→ **Task to carry out**: Look through the entries for the string "degm", and copy each line that holds it.

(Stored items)
---

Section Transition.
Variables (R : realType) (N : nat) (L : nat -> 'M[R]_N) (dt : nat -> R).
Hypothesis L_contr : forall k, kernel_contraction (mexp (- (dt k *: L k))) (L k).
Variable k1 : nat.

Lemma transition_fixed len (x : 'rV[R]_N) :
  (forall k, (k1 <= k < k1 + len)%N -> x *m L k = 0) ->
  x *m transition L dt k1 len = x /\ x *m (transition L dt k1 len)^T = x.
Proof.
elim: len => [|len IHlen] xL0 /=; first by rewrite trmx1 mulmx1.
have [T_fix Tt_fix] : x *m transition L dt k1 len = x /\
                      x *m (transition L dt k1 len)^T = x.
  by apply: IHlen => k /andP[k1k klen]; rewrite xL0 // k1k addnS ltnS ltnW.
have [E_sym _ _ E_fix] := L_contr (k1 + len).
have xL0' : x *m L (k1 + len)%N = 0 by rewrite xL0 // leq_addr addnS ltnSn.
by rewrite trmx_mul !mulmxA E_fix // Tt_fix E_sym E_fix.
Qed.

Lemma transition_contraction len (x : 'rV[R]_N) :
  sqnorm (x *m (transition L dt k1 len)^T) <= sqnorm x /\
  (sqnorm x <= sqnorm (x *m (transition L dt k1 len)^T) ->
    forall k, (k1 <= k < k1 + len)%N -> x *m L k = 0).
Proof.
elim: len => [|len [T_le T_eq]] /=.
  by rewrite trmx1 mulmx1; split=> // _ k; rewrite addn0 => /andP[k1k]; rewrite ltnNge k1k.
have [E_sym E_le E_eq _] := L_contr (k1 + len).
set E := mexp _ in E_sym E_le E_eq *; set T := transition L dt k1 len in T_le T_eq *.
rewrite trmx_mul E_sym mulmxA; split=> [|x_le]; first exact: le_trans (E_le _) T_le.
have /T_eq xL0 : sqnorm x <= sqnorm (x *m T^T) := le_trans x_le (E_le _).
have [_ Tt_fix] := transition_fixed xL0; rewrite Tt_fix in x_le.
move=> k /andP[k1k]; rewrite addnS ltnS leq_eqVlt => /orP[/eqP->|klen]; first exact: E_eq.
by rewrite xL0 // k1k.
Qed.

---

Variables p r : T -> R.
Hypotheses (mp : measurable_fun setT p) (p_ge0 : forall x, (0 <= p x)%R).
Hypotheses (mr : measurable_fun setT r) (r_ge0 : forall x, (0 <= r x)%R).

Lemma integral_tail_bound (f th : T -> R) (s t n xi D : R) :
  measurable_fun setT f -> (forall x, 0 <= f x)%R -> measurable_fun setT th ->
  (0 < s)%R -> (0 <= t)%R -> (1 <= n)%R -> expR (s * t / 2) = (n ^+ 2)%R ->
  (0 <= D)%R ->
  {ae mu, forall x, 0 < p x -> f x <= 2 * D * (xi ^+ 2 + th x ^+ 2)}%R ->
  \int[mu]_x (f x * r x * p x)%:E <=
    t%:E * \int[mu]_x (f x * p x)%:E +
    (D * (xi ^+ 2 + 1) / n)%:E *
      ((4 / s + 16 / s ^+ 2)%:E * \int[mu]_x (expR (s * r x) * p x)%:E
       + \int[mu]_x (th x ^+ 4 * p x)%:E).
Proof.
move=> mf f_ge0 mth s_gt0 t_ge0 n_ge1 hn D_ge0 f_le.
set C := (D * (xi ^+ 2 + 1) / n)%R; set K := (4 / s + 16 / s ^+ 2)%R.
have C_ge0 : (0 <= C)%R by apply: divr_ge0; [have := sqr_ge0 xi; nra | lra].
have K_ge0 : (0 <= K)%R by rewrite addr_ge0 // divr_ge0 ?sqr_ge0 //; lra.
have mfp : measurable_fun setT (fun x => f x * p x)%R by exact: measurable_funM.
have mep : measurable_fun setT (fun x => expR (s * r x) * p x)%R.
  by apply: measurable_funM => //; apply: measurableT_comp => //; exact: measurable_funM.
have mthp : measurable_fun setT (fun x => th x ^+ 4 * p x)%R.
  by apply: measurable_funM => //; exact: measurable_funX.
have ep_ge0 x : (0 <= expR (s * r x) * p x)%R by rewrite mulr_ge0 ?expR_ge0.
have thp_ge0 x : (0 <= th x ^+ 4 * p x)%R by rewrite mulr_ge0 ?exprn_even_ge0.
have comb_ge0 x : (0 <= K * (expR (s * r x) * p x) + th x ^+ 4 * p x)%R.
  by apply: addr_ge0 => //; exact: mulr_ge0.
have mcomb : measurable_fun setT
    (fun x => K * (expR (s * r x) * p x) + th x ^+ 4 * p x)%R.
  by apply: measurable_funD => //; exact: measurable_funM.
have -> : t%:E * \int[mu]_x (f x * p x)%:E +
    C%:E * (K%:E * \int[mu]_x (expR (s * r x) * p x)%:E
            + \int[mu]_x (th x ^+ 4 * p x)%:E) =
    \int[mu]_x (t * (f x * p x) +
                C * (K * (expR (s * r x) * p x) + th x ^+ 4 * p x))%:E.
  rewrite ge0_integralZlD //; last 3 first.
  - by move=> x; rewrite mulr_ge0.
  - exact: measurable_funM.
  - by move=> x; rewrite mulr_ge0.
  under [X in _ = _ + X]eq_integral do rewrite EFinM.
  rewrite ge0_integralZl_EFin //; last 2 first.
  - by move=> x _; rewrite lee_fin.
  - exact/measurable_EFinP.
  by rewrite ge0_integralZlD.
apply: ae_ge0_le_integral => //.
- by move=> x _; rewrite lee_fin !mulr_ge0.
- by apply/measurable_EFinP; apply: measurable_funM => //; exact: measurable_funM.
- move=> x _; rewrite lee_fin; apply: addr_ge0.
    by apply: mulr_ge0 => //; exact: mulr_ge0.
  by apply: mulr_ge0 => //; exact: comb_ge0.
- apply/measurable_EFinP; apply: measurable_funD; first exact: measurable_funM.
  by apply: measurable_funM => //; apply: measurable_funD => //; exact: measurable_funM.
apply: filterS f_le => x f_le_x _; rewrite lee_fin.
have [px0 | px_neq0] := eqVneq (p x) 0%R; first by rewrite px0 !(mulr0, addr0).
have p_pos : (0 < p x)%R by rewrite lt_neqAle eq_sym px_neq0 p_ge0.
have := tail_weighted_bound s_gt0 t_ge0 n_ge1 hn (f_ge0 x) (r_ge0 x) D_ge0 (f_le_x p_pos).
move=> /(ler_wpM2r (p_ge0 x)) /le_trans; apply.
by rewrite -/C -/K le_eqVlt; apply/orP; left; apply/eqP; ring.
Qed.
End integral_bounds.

---

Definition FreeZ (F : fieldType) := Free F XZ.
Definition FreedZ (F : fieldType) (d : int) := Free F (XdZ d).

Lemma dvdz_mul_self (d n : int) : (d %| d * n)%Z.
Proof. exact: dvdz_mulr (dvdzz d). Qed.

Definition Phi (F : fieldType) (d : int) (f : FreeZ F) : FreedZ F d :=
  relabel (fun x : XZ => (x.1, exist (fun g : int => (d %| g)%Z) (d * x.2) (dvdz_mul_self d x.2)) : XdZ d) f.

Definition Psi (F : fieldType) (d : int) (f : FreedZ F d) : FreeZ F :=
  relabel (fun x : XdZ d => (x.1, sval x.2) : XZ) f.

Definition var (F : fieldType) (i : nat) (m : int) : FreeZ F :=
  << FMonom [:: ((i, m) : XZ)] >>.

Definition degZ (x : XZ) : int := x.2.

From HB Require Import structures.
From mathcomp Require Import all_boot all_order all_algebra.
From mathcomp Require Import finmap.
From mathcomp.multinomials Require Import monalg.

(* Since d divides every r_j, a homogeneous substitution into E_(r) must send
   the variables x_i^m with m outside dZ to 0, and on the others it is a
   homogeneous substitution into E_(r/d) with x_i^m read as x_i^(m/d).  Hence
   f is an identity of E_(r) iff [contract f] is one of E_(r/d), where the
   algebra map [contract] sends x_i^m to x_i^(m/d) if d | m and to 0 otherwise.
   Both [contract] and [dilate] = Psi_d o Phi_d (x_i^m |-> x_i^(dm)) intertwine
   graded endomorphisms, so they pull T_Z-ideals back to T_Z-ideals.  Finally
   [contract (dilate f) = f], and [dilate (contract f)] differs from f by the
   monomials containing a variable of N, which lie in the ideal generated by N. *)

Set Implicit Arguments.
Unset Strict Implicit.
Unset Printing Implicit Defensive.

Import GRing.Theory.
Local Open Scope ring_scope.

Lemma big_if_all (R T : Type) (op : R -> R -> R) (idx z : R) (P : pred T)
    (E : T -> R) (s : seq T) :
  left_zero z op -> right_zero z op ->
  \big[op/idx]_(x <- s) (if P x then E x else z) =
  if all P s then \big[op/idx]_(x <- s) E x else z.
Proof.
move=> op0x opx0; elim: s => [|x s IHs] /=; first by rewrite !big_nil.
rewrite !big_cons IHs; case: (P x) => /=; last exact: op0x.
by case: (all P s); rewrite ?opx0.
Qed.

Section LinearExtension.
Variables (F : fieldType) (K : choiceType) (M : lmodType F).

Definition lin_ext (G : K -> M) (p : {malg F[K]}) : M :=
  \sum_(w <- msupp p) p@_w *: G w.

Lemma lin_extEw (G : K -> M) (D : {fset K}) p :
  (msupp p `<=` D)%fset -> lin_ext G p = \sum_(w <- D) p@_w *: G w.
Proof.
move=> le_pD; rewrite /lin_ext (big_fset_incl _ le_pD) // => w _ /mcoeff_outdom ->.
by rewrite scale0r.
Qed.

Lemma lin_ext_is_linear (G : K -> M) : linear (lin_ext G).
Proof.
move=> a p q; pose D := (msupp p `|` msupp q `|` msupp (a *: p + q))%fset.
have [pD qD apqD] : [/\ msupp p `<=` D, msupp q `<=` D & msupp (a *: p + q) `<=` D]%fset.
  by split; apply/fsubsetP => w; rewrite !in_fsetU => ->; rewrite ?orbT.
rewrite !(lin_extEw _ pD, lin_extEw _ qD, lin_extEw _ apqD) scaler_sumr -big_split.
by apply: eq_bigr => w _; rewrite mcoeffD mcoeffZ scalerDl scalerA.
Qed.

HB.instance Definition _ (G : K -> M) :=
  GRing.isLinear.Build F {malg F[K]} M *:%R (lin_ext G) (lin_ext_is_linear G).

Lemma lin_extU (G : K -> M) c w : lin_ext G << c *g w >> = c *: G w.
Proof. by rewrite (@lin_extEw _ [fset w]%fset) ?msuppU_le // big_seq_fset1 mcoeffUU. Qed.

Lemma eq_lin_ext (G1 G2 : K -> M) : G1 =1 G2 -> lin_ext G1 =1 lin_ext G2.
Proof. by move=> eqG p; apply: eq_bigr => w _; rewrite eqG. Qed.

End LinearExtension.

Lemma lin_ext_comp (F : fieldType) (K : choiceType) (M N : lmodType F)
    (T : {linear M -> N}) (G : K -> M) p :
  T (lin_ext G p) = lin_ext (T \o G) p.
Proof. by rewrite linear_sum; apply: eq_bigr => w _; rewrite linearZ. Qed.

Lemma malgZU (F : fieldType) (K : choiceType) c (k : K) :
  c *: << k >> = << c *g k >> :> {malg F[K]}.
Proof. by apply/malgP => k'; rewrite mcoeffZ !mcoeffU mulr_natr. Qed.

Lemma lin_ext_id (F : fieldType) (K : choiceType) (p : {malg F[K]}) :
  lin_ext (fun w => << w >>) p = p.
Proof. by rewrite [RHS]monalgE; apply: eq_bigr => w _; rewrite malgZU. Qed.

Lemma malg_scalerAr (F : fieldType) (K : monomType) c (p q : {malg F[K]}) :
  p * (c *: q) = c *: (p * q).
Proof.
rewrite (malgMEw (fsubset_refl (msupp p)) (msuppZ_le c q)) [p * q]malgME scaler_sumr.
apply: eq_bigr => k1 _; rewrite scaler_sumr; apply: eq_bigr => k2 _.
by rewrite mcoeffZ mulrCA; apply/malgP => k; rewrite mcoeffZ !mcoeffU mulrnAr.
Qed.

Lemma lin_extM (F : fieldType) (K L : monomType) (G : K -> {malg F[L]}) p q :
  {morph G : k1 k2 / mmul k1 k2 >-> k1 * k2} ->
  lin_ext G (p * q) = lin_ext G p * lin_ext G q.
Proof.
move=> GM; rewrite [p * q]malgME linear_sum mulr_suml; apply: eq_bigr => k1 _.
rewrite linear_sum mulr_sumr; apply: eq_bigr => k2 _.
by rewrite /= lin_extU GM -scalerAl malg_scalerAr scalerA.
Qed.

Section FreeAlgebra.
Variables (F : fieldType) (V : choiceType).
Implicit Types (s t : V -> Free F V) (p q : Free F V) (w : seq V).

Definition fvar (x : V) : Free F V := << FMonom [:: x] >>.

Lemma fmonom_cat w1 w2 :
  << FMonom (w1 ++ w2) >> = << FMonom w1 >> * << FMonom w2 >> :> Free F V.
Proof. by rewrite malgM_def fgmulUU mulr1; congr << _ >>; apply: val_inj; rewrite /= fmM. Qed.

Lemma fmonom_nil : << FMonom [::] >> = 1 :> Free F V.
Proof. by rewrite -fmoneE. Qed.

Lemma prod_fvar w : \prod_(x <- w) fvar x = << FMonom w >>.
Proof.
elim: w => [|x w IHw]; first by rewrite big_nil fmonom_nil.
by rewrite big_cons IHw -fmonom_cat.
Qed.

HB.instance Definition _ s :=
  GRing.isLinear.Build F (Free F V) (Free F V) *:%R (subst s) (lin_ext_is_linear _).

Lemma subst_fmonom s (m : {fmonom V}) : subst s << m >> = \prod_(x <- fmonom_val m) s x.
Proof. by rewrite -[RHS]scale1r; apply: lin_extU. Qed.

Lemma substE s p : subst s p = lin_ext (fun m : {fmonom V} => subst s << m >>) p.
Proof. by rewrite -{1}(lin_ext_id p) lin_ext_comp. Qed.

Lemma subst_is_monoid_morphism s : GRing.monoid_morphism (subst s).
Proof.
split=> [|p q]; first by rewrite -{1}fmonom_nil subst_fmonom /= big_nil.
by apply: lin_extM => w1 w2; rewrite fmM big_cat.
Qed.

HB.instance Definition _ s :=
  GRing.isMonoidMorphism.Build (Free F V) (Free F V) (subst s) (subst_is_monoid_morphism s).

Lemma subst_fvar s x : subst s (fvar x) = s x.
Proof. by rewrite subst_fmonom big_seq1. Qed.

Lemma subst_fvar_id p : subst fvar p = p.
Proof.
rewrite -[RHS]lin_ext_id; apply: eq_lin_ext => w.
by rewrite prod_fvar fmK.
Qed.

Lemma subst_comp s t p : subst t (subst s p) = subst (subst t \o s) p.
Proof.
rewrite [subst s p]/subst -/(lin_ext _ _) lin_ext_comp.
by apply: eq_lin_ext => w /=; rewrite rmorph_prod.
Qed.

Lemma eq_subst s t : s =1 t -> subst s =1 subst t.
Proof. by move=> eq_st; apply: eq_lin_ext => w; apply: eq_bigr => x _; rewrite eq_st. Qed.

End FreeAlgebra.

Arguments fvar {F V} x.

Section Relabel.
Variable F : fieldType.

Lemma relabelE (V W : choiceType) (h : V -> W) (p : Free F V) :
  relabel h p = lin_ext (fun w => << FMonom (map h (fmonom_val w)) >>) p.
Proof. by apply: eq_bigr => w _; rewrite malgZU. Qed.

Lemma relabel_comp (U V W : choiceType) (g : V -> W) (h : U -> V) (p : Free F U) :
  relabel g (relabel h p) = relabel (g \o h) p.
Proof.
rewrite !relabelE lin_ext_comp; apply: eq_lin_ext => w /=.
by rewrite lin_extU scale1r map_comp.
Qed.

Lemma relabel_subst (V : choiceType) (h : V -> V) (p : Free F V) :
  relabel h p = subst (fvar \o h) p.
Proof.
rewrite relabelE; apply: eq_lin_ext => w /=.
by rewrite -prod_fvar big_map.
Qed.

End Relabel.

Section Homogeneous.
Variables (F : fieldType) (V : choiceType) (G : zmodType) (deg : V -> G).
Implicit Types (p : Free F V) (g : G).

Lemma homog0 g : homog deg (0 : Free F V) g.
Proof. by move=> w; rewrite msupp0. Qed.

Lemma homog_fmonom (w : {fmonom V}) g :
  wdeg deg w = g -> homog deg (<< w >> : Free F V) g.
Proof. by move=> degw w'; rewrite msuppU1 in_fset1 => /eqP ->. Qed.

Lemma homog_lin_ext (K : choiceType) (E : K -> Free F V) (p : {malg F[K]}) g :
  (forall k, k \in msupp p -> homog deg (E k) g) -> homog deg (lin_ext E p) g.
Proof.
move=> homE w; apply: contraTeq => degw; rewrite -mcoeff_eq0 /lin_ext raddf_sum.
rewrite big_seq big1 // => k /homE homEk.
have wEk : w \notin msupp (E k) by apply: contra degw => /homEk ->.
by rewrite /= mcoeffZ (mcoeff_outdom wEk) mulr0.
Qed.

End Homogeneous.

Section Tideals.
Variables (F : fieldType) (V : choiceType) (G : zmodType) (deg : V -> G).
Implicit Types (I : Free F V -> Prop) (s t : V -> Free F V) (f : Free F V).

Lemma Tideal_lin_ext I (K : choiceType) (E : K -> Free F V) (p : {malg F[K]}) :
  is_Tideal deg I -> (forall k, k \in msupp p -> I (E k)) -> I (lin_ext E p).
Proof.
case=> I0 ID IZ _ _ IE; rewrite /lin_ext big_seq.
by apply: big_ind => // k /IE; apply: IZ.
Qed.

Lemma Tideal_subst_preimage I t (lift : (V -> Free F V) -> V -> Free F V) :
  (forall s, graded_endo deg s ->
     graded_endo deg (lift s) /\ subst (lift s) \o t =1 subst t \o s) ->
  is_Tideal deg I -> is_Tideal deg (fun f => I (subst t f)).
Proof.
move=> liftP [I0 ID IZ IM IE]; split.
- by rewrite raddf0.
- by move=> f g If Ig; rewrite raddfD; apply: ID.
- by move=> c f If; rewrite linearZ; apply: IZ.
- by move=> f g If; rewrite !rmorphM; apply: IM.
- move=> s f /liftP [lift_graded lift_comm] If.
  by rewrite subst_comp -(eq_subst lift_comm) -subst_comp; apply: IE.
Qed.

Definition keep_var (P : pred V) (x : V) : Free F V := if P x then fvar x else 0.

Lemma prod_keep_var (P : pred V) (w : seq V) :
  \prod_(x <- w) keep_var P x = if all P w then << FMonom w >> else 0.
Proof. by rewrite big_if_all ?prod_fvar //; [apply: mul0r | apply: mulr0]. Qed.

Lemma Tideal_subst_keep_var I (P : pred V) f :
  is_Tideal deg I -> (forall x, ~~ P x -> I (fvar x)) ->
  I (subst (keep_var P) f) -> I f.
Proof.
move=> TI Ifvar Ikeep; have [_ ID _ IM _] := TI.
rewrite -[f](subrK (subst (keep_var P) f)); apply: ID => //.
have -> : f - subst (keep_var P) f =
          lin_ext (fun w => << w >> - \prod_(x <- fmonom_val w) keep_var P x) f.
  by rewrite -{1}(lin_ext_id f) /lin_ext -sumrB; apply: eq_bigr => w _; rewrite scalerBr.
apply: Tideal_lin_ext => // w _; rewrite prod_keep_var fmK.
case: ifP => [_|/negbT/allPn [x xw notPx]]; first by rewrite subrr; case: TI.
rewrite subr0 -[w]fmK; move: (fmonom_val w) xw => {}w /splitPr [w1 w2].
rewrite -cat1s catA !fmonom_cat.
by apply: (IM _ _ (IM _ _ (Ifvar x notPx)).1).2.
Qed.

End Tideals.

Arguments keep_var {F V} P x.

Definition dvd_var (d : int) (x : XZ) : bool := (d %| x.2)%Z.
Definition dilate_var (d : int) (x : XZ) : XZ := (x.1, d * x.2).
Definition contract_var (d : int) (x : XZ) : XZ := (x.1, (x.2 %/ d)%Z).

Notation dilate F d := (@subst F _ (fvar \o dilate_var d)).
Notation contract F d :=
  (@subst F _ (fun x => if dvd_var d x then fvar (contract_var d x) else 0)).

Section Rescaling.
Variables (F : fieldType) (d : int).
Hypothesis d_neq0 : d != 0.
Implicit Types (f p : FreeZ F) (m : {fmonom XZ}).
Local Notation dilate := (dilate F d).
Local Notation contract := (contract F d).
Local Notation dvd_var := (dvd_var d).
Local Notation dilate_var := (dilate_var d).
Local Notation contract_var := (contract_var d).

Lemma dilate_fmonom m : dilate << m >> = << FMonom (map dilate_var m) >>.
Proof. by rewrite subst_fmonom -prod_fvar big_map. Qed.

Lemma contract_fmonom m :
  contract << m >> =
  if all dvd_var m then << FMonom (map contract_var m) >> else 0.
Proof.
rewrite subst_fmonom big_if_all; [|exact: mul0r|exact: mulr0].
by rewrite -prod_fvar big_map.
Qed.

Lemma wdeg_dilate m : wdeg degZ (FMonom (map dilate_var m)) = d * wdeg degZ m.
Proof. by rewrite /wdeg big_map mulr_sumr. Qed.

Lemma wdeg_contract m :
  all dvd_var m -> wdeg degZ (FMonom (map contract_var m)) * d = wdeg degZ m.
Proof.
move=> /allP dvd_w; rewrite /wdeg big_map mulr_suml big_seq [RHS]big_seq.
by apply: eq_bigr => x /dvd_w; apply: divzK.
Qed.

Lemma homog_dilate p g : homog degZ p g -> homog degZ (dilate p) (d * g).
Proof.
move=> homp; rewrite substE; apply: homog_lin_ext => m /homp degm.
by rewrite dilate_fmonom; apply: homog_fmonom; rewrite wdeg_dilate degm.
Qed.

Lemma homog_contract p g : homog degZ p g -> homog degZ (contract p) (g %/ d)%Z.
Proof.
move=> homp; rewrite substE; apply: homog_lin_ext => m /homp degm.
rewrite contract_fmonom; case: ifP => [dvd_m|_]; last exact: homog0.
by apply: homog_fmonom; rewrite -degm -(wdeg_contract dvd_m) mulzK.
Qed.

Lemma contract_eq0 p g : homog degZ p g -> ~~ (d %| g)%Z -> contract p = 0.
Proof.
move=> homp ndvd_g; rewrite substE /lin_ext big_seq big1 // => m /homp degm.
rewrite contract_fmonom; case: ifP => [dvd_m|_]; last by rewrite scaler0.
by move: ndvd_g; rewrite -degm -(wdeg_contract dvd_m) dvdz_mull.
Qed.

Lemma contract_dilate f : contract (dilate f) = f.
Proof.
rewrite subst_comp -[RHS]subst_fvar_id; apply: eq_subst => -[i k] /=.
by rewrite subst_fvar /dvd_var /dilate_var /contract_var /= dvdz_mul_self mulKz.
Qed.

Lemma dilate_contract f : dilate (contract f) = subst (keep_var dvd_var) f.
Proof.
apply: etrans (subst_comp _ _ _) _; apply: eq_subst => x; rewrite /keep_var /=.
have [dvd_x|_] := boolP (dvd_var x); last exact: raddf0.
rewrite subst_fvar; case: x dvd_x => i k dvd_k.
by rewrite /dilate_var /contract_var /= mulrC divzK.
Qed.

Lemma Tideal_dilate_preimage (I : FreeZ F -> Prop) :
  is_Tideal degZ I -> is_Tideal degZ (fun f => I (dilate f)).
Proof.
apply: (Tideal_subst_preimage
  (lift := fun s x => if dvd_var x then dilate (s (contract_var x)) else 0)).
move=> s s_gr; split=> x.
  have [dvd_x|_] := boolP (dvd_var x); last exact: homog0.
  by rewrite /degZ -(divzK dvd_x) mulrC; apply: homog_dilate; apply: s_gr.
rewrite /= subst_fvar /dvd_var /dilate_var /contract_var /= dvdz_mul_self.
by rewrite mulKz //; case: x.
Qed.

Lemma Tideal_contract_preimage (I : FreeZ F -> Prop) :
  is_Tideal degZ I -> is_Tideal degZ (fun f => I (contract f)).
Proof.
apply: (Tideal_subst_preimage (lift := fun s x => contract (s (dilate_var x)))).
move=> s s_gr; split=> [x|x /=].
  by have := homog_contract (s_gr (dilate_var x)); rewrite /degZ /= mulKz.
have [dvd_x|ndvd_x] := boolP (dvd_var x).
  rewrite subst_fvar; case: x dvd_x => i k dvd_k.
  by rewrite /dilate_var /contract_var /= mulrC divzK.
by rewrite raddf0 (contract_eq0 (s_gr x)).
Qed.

---

→ **Expected answer**:
move=> homp; rewrite substE; apply: homog_lin_ext => m /homp degm.
by rewrite dilate_fmonom; apply: homog_fmonom; rewrite wdeg_dilate degm.
move=> homp; rewrite substE; apply: homog_lin_ext => m /homp degm.
by apply: homog_fmonom; rewrite -degm -(wdeg_contract dvd_m) mulzK.
move=> homp ndvd_g; rewrite substE /lin_ext big_seq big1 // => m /homp degm.
by move: ndvd_g; rewrite -degm -(wdeg_contract dvd_m) dvdz_mull.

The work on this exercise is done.